Tesla Model S Sales Hit Mark
For all the twists and turns that the auto industry undergoes, it looks like 2013 will be a clear milestone for electric cars. There are caveats, but we’ll deal with them later. The point here is to look at how far we have come and note the arrival of the electric car industry. It’s no longer a model or two, but a substantial variety of vehicles from major manufacturers from which the EV-conscious consumer can choose. Even with some drop-offs, by this summer we’ll have at least 10 all-electric EVs to choose from; sorry, plug-ins, if you have an internal combustion engine you can’t make this list. This is for the hardcore – consumers who want to divest their transportation of the direct use of fossil fuels.
Some of these models are available in limited numbers or in limited locales (there’s one big caveat), but they are almost all from major manufacturers, backed with warrantees and dealer service. And this group, while small now, is destined to grow exponentially in the coming years as the market builds. For now, 10 EVs represents an achievement. Here’s a run-down what’s on the market now (or very soon) as well as some we’ve lost and some new entries due next year.
1. Tesla Model S – You have to start with this model. Though priced in the stratosphere, it was one of the best selling EVs of the first quarter of 2013 on the strength of solid reviews and pent-up demand. Its sales propelled Tesla into cash-flow positive territory and backs up its goal of selling 20,000 units this year.
2. Nissan Leaf – One could make a good argument that this car should be the first mentioned in any EV list. It was the first mass-produced EV on the market and streams into 2013 with both a lowered starting price as well as new high-end features. The combination appears to be working as sales hit a new high in March 2013, a trend that Nissan hopes to extend throughout the year as its has shifted production of the car and its battery pack to the U.S.
3. Ford Focus EV – Ford’s leading electric-only model is not making a big dent in sales, but it is a clear indication of Ford’s intent to remain active in the plug-in segment, augmenting the better-selling Energi models.
4. Toyota RAV4 EV – Toyota has revived an electric-only RAV4 model (it’s first foray was in the 1997-2003 model when several hundred were produced and sold in California to meet the state’s zero emission vehicle mandate). The compact SUV features a battery pack developed by Tesla, but sales will be limited as the vehicle is being used only to comply with California ZEV mandate, much like the first version.

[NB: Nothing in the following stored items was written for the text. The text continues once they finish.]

Theorem mainTheorem15 (f h : nat -> Complex.C) (c : R) :
  analytic_on_disc f -> 0 < c -> subexp_decay f c -> Hinf h ->
  exists g : nat -> Complex.C,
    (forall n : nat, toeplitz_coef h f n (g n)) /\
    exists c2 : R, 0 < c2 /\ subexp_decay g c2.
Proof.
  (* Analyticity of [f] already follows from the decay of its coefficients. *)
  intros _ Hc Hf [Hh_analytic [B HB]].
  destruct (subexp_decay_bound f c Hf) as [M HM].
  pose proof (Hinf_coef_le h B Hh_analytic HB) as Hh.
  destruct (toeplitz_coef_decay f h c B M Hc Hh HM) as [g [Hg Hdecay]].
  exists g; split; [exact Hg |].
  exists (c / 2); split; [lra | exact Hdecay].
Qed.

5. Mitsubishi i (or i-MiEV) – This diminutive EV from Mitsubishi was redesigned for the U.S. market and has garnered some sales, but continues to lag behind the competition.
6. Honda Fit EV – Honda’s entry into the EV market, like Toyota’s, is available in only limited numbers and only for lease, but sales don’t appear to yet be anywhere near the projected number the company is going to build. Reviews of the car indicate it acquits itself well.
7. BMW ActiveE – The ActiveE is BMW’s second round in the EV wars, following on the MINI-E. Although it is only available for lease, the vehicle’s performance in a short drive appeared to meet the BMW brand’s image. It features the powertrain that will be in next year’s i3.
Fiat & Smart offer small, fast EVs
8. Smart Fortwo ED – Mercedes is now on its third generation of the electric version of its two-seat minicar. They’ve jettisoned the Tesla battery pack of the second generation and replaced it with one from SB LiMotive (which also supplies the Fiat 500e and BMW i3) along with a more powerful electric motor. With its increased top speed, it appears the only thing holding this low-priced EV back is its small size and limited seating.
9. Fiat 500e – Just on the market is another small EV from Europe, an electric version of Fiat’s 500 model. Early reviews indicate it carries over the performance and image of the gasoline version of the car.
10. Chevy Spark EV – Due this summer is another small EV, this one from General Motors. Based on the company’s Daewoo-designed model, the Spark EV is going to be assembled in the U.S. Early reviews of the car have described a car that delivers substantial power for its diminutive size.
GM’s Chevy Spark EV will be on the market this summer.
There you have it. Ten models offering a variety of configurations and price ranges, but all powered only by electricity. With a list like this, even with their limited availability, it appears we have passed out of the earliest phase of the EV and are steadily moving toward the category’s establishment as a permanent part of the automotive landscape.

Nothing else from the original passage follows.